# Learning Curves

### Learning Curves help diagnose Bias and Variance

![model complexity](http://scott.fortmann-roe.com/docs/docs/BiasVariance/biasvariance.png)

A learning curve shows the validation and training score of an estimator for varying numbers of training samples. It is a tool to find out how much we benefit from adding more training data and whether the estimator suffers more from a variance error or a bias error.   

If the training score is much greater than the validation score for the maximum number of training samples, adding more training samples will most likely increase generalization. 

Variance is the amount that the estimate of the target function will change if different training data is used. 

    * Examples of low-variance/high-bias algorithms: Linear Regression, Linear Discriminant Analysis and Logistic Regression.

    * Examples of high-variance/low-bias algorithms: Decision Trees (especially if not pruned), k-Nearest Neighbors and Support Vector Machines.


If both the validation score and the training score converge to a value that is too low with increasing size of the training set, we will not benefit much from more training data.  We will probably have to use an estimator or a parametrization of the current estimator that can learn more complex concepts (i.e. has a lower bias).       

**High Bias** => Increase model complexity: add features      
**High Variance** => Reduce model complexity    


### Reduce Variance Without Increasing Bias       
    * Averaging reduces variance:       
    
$Var(\bar{X}) = \frac{Var(X)}{N}$     
    
    * bagging   
    * boosting   
    * feature elimination   
        * regularization   
        * low-variance filter   
        * PCA   
        * RFE   
    * ensembling   
    


In [None]:
import numpy as np

def plot_learning_curve(estimator, title, X, y, ylim=None, cv=None, scoring=None, obj_line=None,
                        n_jobs=1, train_sizes=np.linspace(.1, 1.0, 5)):
    """
    Generate a simple plot of the test and training learning curve.

    Parameters
    ----------
    estimator : object type that implements the "fit" and "predict" methods
        An object of that type which is cloned for each validation.

    title : string
        Title for the chart.

    X : array-like, shape (n_samples, n_features)
        Training vector, where n_samples is the number of samples and
        n_features is the number of features.

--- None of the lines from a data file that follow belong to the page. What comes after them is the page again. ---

(* Let $(r,\alpha,\beta,L,R)$ and $(r',\alpha',\beta',L',R')$ be $(m,n)$-allowed quintuples with $L\,\Pi(\alpha,\beta)\,R=L'\,\Pi(\alpha',\beta')\,R'$. Then $(r,\alpha,\beta,L,R)=(r',\alpha',\beta',L',R')$.
   Context: $\mathbb{F}$ is the field with two elements, $[n]=\{1,\dots,n\}$, $e_{n,i}$ standard basis column vectors, $I_n$ identity. $P_n=\{(i,j):i,j\in[n],i>j\}$; for transitive $T\subseteq P_n$ ($(i,j),(j,k)\in T\Rightarrow(i,k)\in T$), $L_n(T)=I_n+\mathrm{span}_{\mathbb{F}}\{e_{n,i}e_{n,j}^{\top}:(i,j)\in T\}$. $\Pi(\alpha,\beta)=\sum_{i=1}^re_{m,\alpha(i)}e_{n,\beta(i)}^{\top}\in\mathbb{F}^{m\times n}$. For increasing $\alpha:[r]\to[m]$, $T_L(\alpha)=\{(i,j):j\in\mathrm{Im}(\alpha),i>j\}\subseteq P_m$; for injective $\beta:[r]\to[n]$, $T_R(\beta)=\{(i,j):i\in\mathrm{Im}(\beta),j<i,j\notin\{\beta(1),\dots,\beta(\beta^{-1}(i)-1)\}\}$. A quintuple $(r,\alpha,\beta,L,R)$ is $(m,n)$-allowed if $r\le\min(m,n)$, $\alpha:[r]\to[m]$ is increasing, $\beta:[r]\to[n]$ is injective, $L\in L_m(T_L(\alpha))$, $R\in L_n(T_R(\beta))$. *)

From mathcomp Require Import all_boot all_algebra.
Set Implicit Arguments. Unset Strict Implicit. Unset Printing Implicit Defensive.
Import GRing.Theory.
Local Open Scope ring_scope.

(* The field with two elements. Indices [n] = {1..n} are represented by
   'I_n = {0..n-1} (shift by one, order-preserving). *)
Notation F2 := 'F_2.

Definition in_L (n : nat) (T : 'I_n -> 'I_n -> bool) (A : 'M[F2]_n) : Prop :=
  exists c : 'I_n -> 'I_n -> F2,
    A = 1%:M + \sum_(i : 'I_n) \sum_(j : 'I_n | T i j) c i j *: delta_mx i j.

Definition Pi (m n r : nat) (alpha : 'I_r -> 'I_m) (beta : 'I_r -> 'I_n)
  : 'M[F2]_(m, n) := \sum_(k < r) delta_mx (alpha k) (beta k).

Definition TL (m r : nat) (alpha : 'I_r -> 'I_m) (i j : 'I_m) : bool :=
  (j \in codom alpha) && (j < i)%N.

Definition TR (n r : nat) (beta : 'I_r -> 'I_n) (i j : 'I_n) : bool :=
  [exists k : 'I_r, (beta k == i) &&
     [forall l : 'I_r, (l < k)%N ==> (beta l != j)]] && (j < i)%N.

Definition allowed (m n r : nat) (alpha : 'I_r -> 'I_m) (beta : 'I_r -> 'I_n)
  (L : 'M[F2]_m) (R : 'M[F2]_n) : Prop :=
  [/\ (r <= minn m n)%N,
      (forall k l : 'I_r, (k < l)%N -> (alpha k < alpha l)%N),
      injective beta,
      in_L (TL alpha) L &
      in_L (TR beta) R].

(* Put A := L'^-1 L and B := R' R^-1.  Unitriangular matrices supported on a
   transitive strictly lower relation form a group, so A and B are lower
   unitriangular and A Pi(alpha, beta) = Pi(alpha', beta') B.  The entry
   (alpha k, beta k) of the left side is 1, so the right side has a pivot
   alpha' l = alpha k with beta k <= beta' l; symmetrically every beta' l is
   some beta k with alpha k <= alpha' l.  The two injections k |-> l and
   l |-> k give r = r', monotonicity of alpha and alpha' makes the first one
   the identity, and comparing sums of the beta's gives beta = beta'.
   Finally, in A Pi = Pi B with A in L_m(T_L(alpha)) and B in L_n(T_R(beta)),
   an off-diagonal entry of A in column alpha k would force a nonzero entry of
   B at (beta l, beta k) with k < l, which T_R(beta) excludes; so A = 1, and
   then B = 1. *)

From HB Require Import structures.
From mathcomp Require Import all_boot all_algebra.
From Stdlib Require Import FunctionalExtensionality.
Set Implicit Arguments. Unset Strict Implicit. Unset Printing Implicit Defensive.
Import GRing.Theory.
Local Open Scope ring_scope.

    y : array-like, shape (n_samples) or (n_samples, n_features), optional
        Target relative to X for classification or regression;
        None for unsupervised learning.

    ylim : tuple, shape (ymin, ymax), optional
        Defines minimum and maximum yvalues plotted.

    cv : int, cross-validation generator or an iterable, optional
        Determines the cross-validation splitting strategy.
        Possible inputs for cv are:
          - None, to use the default 3-fold cross-validation,
          - integer, to specify the number of folds.
          - An object to be used as a cross-validation generator.
          - An iterable yielding train/test splits.

        For integer/None inputs, if ``y`` is binary or multiclass,
        :class:`StratifiedKFold` used. If the estimator is not a classifier
        or if ``y`` is neither binary nor multiclass, :class:`KFold` is used.

        Refer :ref:`User Guide <cross_validation>` for the various
        cross-validators that can be used here.

    scoring : string, callable or None, optional, default: None
              A string (see model evaluation documentation)
              or a scorer callable object / function with signature scorer(estimator, X, y)
              For Python 3.5 the documentation is here:
              http://scikit-learn.org/stable/modules/model_evaluation.html#scoring-parameter
              For example, Log Loss is specified as 'neg_log_loss'

    obj_line : numeric or None (default: None)
               draw a horizontal line


    n_jobs : integer, optional
        Number of jobs to run in parallel (default 1).


    Citation
    --------
        http://scikit-learn.org/stable/auto_examples/model_selection/plot_learning_curve.html

    Usage
    -----
        plot_learning_curve(estimator = best_estimator,
                            title     = best_estimator_title,
                            X         = X_train,
                            y         = y_train,
                            ylim      = (-1.1, 0.1), # neg_log_loss is negative
                            cv        = StatifiedCV, # CV generator
                            scoring   = scoring,     # eg., 'neg_log_loss'
                            obj_line  = obj_line,    # horizontal line
                            n_jobs    = n_jobs)      # how many CPUs

         plt.show()
    """
    from sklearn.model_selection import learning_curve
    import numpy as np
    from matplotlib import pyplot as plt

    plt.figure()
    plt.title(title)
    if ylim is not None:
        plt.ylim(*ylim)
    plt.xlabel("Training examples")
    plt.ylabel("Score")
    train_sizes, train_scores, test_scores = learning_curve(
        estimator, X, y, cv=cv, scoring=scoring, n_jobs=n_jobs, train_sizes=train_sizes)
    train_scores_mean = np.mean(train_scores, axis=1)
    train_scores_std = np.std(train_scores, axis=1)
    test_scores_mean = np.mean(test_scores, axis=1)
    test_scores_std = np.std(test_scores, axis=1)
    plt.grid()

    plt.fill_between(train_sizes, train_scores_mean - train_scores_std,
                     train_scores_mean + train_scores_std, alpha=0.1,
                     color="r")
    plt.fill_between(train_sizes, test_scores_mean - test_scores_std,
                     test_scores_mean + test_scores_std, alpha=0.1, color="g")
    plt.plot(train_sizes, train_scores_mean, 'o-', color="r",
             label="Training score")
    plt.plot(train_sizes, test_scores_mean, 'o-', color="g",
             label="Cross-validation score")

    if obj_line:
        plt.axhline(y=obj_line, color='blue')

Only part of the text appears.